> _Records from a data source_
────

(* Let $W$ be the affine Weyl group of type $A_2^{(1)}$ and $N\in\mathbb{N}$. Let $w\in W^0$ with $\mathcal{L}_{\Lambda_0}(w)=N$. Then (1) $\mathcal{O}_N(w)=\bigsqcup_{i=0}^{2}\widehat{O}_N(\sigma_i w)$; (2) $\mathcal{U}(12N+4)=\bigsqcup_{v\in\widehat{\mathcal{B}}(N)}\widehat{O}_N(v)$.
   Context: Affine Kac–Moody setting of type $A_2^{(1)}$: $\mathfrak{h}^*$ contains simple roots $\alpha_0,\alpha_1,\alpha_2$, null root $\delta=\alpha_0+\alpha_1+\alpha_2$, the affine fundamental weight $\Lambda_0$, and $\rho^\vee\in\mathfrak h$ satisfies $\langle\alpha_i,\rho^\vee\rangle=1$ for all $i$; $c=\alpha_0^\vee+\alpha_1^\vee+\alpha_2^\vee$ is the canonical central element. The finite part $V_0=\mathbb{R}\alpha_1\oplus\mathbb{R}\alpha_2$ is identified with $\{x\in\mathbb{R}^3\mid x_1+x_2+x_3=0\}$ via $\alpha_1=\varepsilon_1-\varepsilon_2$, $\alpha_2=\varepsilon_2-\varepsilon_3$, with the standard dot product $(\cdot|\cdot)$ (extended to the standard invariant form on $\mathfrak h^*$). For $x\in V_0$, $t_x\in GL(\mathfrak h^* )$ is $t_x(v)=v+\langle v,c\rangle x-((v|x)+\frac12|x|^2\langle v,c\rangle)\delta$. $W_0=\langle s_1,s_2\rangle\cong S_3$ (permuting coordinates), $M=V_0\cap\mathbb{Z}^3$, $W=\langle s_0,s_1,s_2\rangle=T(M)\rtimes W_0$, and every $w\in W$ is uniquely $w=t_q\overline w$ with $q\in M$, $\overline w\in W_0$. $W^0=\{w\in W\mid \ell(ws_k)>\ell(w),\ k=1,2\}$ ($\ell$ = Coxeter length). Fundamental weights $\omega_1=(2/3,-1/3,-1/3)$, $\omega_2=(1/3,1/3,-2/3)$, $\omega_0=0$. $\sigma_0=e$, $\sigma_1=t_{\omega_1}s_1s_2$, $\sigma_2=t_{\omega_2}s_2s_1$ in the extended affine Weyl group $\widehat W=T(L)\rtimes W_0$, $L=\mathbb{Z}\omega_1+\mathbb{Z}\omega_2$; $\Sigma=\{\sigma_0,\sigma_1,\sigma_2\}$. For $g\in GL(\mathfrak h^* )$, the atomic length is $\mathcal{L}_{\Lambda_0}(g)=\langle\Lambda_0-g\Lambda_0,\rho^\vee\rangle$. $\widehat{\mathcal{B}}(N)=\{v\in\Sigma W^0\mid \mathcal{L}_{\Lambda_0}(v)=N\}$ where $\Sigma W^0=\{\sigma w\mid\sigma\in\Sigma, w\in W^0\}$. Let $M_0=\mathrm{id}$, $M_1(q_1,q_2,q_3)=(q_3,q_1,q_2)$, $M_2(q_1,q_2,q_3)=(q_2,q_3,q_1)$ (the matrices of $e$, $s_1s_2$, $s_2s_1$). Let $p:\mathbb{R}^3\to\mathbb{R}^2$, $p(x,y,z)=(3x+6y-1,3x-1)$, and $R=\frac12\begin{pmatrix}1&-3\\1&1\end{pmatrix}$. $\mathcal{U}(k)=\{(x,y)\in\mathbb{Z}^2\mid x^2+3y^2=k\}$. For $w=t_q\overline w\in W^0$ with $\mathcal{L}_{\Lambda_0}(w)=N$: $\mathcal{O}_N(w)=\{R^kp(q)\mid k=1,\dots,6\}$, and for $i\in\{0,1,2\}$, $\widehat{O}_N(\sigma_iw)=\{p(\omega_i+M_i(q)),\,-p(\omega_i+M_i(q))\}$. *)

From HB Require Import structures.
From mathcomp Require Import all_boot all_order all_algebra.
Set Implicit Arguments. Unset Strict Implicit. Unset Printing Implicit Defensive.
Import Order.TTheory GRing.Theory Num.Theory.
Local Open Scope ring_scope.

────

> _REQUIREMENT_
The required output is every line from the one with "From HB Require Import structures." to the final line of the entries, repeated exactly and with nothing else.

> _RESULT OF THIS TASK_
From HB Require Import structures.
From mathcomp Require Import all_boot all_order all_algebra.
Set Implicit Arguments. Unset Strict Implicit. Unset Printing Implicit Defensive.
Import Order.TTheory GRing.Theory Num.Theory.
Local Open Scope ring_scope.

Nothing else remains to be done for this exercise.